First find the line with "have := mulr_ge0" in the entries below, then set down exactly every line through the line with "have := normc_1B_omegaX_double", that line included.

▸ Saved data entries

--------

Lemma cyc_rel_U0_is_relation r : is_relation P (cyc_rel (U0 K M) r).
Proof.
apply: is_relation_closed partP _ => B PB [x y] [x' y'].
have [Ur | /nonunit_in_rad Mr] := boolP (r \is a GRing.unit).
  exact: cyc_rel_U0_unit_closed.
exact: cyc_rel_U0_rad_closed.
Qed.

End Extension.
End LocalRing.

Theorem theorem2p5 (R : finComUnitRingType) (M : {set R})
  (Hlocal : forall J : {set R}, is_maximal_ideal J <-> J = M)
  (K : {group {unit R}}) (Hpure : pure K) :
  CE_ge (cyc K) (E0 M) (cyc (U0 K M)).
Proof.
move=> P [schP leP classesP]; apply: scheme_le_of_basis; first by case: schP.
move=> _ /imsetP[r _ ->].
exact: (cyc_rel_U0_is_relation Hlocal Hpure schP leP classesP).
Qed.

--------

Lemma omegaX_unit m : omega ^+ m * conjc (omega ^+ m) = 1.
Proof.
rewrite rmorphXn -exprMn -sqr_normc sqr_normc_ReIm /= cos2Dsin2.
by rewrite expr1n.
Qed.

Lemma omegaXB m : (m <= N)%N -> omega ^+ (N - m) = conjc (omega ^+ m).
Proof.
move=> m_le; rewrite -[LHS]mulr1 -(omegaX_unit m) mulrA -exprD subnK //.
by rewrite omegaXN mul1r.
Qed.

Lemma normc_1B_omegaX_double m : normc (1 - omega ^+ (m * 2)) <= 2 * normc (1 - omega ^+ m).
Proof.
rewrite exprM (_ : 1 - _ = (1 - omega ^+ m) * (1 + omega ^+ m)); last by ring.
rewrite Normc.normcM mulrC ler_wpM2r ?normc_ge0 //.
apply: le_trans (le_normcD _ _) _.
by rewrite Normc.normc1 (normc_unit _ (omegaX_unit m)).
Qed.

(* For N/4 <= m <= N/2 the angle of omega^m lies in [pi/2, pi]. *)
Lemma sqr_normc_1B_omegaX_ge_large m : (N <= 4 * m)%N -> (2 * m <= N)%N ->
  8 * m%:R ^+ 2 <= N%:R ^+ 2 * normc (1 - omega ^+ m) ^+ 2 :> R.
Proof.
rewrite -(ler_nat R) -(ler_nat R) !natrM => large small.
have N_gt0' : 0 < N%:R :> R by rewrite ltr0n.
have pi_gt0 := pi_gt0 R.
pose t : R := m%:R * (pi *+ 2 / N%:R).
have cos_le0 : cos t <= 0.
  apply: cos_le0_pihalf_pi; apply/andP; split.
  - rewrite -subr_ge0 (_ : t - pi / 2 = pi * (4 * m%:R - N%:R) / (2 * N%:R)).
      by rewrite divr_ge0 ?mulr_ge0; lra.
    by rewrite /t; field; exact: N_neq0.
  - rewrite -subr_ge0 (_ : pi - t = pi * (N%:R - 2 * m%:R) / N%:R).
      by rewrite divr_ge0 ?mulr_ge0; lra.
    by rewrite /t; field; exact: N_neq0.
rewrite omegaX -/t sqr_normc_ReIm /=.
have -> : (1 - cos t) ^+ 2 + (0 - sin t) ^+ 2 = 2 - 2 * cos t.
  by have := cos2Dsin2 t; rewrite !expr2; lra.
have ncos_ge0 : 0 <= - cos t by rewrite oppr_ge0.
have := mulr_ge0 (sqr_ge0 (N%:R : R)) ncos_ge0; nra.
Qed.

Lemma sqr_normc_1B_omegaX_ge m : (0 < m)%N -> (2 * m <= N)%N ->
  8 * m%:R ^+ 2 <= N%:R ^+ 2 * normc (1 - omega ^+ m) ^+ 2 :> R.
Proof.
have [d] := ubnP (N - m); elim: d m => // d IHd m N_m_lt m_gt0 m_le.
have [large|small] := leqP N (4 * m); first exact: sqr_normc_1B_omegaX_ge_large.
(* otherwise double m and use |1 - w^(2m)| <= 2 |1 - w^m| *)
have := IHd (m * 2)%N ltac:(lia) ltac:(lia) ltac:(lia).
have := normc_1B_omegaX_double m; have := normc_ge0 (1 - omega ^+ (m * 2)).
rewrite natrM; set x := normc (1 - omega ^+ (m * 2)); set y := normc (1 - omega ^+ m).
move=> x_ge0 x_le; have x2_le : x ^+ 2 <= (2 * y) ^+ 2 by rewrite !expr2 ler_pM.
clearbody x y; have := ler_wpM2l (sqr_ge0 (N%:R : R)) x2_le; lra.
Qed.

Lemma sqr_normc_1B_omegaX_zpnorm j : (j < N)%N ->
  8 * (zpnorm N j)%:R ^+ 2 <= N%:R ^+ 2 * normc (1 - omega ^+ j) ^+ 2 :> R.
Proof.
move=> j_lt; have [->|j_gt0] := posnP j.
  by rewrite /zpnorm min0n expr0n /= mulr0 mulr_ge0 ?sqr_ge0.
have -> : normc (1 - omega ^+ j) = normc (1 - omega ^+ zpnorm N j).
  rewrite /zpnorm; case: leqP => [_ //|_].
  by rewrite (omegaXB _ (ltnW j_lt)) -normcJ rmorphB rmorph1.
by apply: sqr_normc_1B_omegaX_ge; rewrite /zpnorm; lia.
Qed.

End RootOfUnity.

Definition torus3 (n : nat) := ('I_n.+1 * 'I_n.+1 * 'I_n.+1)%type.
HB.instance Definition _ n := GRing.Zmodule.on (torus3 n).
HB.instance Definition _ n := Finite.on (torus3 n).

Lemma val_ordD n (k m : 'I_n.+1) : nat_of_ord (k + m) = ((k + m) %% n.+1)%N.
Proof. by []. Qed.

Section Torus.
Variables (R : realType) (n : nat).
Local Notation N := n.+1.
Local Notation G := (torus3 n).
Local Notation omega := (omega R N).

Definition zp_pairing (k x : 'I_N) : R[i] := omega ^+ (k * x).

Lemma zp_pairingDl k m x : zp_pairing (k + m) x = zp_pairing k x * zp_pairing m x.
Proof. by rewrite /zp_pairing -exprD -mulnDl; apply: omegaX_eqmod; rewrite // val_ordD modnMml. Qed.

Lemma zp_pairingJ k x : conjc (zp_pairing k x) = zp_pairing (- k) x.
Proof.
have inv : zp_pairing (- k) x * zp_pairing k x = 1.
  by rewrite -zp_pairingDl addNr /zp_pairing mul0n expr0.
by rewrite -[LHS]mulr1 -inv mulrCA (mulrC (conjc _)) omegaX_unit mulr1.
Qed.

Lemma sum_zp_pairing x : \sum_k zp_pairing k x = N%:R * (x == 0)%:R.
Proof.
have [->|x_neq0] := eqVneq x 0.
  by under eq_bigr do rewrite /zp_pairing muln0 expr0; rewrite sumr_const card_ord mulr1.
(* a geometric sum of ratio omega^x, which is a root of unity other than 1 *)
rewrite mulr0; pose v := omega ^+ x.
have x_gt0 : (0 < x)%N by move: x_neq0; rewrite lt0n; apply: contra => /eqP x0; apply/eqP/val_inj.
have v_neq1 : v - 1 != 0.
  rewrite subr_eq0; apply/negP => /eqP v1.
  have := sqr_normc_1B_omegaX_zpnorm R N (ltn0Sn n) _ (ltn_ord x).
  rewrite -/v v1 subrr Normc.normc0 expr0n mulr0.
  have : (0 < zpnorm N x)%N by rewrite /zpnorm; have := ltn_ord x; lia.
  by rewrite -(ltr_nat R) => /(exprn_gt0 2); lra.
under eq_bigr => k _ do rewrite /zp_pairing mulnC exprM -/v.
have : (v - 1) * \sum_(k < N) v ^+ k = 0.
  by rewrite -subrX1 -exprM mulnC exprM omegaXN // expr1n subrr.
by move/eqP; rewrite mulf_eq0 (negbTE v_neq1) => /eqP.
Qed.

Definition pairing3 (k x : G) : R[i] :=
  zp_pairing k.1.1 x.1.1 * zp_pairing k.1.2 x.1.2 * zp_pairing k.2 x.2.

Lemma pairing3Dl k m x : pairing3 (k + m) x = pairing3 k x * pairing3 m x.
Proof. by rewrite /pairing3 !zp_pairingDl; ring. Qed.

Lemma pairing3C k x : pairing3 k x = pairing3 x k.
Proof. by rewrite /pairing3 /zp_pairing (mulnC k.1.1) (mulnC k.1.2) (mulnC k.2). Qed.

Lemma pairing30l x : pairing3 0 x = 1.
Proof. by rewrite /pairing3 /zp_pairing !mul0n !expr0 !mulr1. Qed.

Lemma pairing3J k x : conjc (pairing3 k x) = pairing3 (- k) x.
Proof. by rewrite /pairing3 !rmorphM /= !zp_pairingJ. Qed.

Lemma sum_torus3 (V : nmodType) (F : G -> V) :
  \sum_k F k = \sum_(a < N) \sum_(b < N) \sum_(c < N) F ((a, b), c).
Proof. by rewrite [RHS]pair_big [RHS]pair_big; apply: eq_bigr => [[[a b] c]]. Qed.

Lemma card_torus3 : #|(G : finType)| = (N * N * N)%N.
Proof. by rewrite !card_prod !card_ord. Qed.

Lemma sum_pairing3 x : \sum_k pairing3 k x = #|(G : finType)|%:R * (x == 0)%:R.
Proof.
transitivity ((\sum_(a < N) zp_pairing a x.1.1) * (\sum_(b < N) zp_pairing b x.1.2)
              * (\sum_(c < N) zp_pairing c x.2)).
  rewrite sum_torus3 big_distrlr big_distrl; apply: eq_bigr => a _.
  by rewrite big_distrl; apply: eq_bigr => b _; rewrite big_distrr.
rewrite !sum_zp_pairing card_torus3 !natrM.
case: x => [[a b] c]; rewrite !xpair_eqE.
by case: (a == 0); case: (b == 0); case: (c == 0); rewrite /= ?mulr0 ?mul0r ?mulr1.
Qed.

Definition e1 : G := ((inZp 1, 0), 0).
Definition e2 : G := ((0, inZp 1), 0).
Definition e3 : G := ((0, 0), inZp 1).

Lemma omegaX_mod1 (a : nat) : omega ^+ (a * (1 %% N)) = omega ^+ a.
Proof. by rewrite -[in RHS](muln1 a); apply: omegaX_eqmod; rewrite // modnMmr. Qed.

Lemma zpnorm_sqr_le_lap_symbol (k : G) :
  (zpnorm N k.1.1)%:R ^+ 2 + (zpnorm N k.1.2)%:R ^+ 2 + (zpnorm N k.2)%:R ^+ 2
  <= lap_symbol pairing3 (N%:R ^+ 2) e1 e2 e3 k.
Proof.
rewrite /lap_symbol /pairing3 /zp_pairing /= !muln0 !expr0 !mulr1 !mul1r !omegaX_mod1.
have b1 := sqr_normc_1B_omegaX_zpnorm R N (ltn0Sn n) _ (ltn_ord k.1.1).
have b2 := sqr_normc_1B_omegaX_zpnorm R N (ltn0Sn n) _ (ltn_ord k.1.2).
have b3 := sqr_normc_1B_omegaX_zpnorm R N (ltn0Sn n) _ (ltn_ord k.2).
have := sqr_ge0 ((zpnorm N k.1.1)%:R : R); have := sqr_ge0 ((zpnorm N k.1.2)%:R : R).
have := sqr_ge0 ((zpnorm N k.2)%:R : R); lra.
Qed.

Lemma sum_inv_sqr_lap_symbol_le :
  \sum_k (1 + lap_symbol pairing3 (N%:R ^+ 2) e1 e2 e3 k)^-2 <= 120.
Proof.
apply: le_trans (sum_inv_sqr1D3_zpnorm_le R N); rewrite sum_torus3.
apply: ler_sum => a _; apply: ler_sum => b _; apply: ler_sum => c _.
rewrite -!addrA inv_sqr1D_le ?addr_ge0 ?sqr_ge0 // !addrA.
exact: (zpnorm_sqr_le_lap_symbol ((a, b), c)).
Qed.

--------

▸ YOUR SOLUTION
have := mulr_ge0 (sqr_ge0 (N%:R : R)) ncos_ge0; nra.
Qed.

Lemma sqr_normc_1B_omegaX_ge m : (0 < m)%N -> (2 * m <= N)%N ->
  8 * m%:R ^+ 2 <= N%:R ^+ 2 * normc (1 - omega ^+ m) ^+ 2 :> R.
Proof.
have [d] := ubnP (N - m); elim: d m => // d IHd m N_m_lt m_gt0 m_le.
have [large|small] := leqP N (4 * m); first exact: sqr_normc_1B_omegaX_ge_large.
(* otherwise double m and use |1 - w^(2m)| <= 2 |1 - w^m| *)
have := IHd (m * 2)%N ltac:(lia) ltac:(lia) ltac:(lia).
have := normc_1B_omegaX_double m; have := normc_ge0 (1 - omega ^+ (m * 2)).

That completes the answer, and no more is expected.